### Task
What is needed is a single figure: how many lines of the records below contain the word "implyP".

### Given entries

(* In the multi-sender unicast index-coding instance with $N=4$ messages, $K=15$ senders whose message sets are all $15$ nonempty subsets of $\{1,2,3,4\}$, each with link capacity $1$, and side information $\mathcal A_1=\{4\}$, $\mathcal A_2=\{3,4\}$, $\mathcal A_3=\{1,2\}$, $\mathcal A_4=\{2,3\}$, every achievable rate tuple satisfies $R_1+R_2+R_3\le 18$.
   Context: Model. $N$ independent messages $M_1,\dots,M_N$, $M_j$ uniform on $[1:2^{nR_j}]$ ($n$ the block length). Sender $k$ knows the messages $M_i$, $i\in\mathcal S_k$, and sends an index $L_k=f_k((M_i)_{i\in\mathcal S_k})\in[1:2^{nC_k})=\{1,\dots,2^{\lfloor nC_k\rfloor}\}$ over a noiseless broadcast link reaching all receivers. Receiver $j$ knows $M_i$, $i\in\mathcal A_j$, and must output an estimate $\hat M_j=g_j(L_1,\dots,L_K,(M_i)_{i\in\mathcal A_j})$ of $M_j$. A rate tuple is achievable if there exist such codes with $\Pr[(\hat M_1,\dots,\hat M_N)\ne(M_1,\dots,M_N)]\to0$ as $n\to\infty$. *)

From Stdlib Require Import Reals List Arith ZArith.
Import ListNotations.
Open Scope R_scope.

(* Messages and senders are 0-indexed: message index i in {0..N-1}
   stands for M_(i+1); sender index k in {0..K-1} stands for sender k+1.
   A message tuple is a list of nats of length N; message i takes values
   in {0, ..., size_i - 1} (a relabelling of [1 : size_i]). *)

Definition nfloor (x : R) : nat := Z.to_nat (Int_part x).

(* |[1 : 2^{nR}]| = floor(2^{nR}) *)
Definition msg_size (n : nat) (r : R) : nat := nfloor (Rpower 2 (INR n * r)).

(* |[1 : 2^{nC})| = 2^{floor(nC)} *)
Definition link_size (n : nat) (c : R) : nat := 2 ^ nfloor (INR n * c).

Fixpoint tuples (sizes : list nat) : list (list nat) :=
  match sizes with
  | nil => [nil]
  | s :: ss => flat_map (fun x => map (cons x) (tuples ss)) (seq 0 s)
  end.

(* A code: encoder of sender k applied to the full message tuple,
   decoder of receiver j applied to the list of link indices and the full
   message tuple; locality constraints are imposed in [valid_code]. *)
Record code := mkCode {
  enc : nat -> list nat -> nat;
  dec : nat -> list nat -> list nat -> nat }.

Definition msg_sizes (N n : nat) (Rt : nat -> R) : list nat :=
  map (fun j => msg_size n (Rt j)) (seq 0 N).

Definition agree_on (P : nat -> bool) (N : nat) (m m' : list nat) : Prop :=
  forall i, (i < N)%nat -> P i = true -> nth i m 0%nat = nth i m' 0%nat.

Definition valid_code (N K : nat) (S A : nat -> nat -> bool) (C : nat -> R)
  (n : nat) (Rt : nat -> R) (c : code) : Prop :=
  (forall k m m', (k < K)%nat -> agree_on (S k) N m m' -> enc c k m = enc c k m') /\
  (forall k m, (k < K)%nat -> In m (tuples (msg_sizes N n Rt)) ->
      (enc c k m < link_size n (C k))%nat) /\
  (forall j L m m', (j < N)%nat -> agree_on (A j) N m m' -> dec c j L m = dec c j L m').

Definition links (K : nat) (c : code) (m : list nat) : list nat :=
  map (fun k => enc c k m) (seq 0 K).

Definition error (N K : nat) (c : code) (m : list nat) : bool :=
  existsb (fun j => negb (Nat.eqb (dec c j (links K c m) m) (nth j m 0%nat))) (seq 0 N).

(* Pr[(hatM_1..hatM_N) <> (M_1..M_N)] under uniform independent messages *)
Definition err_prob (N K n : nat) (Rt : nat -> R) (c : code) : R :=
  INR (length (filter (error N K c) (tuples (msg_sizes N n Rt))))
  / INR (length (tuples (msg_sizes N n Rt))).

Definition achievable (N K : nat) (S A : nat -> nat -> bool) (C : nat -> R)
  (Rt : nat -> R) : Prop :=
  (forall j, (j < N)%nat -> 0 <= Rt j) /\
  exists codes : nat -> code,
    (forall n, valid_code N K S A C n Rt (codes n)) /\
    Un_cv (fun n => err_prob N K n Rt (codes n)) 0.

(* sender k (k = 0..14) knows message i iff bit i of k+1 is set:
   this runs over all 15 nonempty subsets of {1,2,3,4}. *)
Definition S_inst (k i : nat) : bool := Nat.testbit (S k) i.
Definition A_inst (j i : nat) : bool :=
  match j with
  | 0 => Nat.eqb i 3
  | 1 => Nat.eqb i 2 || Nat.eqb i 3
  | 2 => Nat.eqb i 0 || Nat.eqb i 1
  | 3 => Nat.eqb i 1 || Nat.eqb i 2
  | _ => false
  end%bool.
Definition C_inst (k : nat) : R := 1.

--

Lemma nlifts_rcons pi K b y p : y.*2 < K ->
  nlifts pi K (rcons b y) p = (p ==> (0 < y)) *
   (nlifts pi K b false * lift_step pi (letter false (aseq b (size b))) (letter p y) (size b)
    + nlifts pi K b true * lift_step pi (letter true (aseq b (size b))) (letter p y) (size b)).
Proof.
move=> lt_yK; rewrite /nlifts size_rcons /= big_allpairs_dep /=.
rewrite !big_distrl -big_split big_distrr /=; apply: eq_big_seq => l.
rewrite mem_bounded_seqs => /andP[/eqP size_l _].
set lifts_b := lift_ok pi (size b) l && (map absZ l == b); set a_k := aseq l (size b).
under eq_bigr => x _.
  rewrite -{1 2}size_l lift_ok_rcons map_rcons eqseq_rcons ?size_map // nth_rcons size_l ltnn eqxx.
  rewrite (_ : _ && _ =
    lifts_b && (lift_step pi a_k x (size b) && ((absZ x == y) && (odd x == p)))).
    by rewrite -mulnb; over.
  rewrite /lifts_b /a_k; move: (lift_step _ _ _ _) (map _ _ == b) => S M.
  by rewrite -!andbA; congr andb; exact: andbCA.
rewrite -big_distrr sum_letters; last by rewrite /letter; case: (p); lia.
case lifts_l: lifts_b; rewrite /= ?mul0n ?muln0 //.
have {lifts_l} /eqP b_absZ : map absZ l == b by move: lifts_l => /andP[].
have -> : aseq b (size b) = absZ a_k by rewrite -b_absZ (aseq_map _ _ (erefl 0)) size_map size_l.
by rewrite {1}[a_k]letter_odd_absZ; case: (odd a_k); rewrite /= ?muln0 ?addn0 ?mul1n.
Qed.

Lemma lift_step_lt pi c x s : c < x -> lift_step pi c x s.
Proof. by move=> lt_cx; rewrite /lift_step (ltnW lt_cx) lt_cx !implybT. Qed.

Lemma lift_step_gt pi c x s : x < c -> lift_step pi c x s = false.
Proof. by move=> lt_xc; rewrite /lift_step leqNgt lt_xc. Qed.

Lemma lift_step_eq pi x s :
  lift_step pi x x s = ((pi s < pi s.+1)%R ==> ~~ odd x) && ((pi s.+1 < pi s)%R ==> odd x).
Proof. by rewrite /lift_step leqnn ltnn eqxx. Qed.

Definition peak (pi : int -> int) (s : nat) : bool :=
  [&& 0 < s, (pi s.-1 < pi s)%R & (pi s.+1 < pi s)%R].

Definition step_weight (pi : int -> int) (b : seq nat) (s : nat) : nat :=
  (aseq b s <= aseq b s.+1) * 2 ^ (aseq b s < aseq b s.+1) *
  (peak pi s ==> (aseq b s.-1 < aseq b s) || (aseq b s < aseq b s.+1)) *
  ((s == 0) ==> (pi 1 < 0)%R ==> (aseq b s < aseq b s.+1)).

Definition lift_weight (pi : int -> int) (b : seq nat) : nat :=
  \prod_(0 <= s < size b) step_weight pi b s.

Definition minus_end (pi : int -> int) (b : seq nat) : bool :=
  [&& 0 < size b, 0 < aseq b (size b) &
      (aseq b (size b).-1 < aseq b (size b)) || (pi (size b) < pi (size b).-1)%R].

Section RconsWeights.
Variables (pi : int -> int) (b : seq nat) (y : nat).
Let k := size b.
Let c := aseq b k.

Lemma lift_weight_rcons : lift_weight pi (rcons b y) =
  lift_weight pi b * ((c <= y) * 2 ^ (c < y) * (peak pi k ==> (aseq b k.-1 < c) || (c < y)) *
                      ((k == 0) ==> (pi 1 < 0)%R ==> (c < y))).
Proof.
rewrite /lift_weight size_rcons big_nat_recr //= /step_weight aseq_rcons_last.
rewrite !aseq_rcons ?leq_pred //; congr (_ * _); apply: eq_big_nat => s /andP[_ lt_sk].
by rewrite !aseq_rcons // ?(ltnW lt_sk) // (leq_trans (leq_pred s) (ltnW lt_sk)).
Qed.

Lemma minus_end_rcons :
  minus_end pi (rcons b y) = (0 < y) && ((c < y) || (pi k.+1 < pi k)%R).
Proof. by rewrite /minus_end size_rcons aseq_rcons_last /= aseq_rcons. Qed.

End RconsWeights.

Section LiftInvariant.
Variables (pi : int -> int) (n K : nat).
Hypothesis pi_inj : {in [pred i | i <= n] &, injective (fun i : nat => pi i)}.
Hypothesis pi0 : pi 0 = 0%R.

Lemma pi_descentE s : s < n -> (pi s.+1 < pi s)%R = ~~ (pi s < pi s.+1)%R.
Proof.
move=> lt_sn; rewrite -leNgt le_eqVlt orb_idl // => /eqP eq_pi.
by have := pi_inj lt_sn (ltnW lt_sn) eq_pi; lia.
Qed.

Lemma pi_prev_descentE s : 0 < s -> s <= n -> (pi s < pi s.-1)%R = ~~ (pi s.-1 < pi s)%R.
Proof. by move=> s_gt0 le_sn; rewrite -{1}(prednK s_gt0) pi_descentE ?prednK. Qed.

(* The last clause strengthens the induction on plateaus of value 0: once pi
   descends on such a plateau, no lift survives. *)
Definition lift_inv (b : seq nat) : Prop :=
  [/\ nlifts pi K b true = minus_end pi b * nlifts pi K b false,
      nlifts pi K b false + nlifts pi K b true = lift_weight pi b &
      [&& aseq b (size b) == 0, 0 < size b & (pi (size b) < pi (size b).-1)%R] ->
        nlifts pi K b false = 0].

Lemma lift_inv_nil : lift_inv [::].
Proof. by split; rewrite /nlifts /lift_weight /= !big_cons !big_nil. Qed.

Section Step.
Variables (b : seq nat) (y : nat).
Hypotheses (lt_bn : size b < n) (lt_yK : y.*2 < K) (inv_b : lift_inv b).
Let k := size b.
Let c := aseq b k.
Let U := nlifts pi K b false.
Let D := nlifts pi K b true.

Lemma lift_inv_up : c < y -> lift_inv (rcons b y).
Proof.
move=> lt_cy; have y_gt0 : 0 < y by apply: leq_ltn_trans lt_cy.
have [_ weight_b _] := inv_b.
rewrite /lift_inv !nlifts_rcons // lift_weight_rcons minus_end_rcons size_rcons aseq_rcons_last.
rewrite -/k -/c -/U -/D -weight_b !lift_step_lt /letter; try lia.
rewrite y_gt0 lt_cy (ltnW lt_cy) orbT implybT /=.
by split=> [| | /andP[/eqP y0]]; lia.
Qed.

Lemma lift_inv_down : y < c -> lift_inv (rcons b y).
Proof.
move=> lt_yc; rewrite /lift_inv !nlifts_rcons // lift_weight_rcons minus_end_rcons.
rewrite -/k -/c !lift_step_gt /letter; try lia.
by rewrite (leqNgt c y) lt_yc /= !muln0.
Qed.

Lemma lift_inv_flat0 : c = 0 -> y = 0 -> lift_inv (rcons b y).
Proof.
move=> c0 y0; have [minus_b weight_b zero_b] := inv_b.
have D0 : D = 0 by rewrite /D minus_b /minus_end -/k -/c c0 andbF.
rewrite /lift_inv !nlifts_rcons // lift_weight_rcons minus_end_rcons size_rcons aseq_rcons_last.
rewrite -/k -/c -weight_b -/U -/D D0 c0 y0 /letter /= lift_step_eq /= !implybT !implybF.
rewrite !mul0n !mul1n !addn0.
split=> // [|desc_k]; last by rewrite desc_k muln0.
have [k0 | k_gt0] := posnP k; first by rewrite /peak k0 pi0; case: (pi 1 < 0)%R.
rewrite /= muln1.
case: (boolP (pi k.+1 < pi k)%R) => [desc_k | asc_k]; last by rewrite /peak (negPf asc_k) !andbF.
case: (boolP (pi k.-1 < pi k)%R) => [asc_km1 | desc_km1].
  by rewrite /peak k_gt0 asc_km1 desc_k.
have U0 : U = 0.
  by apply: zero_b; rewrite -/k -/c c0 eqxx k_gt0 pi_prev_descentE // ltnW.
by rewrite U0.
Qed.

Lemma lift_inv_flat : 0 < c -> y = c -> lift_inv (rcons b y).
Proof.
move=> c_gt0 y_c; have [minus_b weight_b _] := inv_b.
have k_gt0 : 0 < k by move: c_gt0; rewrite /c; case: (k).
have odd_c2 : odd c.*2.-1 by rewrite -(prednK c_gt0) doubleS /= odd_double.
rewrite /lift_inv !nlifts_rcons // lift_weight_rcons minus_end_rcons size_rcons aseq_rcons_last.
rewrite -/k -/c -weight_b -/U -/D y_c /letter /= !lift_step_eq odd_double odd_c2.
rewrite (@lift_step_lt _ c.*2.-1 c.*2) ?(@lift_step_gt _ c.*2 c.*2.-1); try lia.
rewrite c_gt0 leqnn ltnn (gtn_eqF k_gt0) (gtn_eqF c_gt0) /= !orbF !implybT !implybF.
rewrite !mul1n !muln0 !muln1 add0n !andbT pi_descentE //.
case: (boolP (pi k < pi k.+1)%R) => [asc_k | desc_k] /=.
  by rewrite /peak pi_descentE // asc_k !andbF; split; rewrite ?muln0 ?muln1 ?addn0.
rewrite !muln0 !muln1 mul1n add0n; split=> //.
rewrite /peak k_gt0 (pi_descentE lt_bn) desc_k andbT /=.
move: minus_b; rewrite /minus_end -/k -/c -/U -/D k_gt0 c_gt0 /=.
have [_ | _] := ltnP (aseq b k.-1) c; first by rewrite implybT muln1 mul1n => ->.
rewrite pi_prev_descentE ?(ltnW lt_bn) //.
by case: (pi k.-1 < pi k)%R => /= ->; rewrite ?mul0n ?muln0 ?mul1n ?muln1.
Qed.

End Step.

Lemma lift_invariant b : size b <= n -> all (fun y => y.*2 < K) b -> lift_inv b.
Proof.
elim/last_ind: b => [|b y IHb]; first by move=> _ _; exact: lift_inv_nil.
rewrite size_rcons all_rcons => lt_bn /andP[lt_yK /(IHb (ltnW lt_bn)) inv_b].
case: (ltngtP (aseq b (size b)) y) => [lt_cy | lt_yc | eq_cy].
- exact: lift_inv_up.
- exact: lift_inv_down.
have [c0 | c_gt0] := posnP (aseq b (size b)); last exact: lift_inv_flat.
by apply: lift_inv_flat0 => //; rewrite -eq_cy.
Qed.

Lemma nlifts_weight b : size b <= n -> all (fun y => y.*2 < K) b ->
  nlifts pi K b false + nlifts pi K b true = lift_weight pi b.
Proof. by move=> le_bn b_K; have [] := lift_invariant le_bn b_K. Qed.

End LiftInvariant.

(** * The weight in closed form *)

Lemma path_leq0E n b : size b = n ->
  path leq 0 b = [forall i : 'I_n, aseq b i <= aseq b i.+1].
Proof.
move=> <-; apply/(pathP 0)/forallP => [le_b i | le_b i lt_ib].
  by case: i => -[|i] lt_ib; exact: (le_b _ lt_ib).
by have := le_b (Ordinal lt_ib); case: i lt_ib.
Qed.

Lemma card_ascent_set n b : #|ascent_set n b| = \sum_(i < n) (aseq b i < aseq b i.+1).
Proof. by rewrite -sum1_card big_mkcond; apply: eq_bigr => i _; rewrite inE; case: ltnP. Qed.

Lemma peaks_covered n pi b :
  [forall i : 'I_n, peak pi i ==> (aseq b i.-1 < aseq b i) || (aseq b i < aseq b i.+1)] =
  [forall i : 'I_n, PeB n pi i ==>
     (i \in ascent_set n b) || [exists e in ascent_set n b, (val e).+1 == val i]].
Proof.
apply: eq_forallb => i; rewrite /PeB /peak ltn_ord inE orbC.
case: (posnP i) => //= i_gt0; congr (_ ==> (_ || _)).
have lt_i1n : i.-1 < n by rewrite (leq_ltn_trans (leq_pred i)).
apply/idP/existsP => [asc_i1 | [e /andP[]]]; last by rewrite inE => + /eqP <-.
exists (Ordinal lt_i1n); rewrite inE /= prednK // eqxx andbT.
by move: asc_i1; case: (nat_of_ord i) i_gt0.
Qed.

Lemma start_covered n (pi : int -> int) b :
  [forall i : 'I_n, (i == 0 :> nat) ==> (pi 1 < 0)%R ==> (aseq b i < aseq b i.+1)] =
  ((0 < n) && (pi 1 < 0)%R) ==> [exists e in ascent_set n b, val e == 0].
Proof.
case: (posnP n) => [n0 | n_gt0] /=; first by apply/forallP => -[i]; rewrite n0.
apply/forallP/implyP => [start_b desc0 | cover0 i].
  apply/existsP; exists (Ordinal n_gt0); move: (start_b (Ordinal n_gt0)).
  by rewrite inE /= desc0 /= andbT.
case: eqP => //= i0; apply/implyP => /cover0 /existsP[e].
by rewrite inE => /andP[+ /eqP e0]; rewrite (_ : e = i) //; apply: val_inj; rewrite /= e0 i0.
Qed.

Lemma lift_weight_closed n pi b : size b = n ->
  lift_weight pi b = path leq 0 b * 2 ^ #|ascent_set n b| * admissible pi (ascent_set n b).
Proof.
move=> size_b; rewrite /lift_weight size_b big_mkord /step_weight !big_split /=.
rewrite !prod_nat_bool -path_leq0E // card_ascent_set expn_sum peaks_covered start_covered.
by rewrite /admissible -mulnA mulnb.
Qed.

### Expected answer
2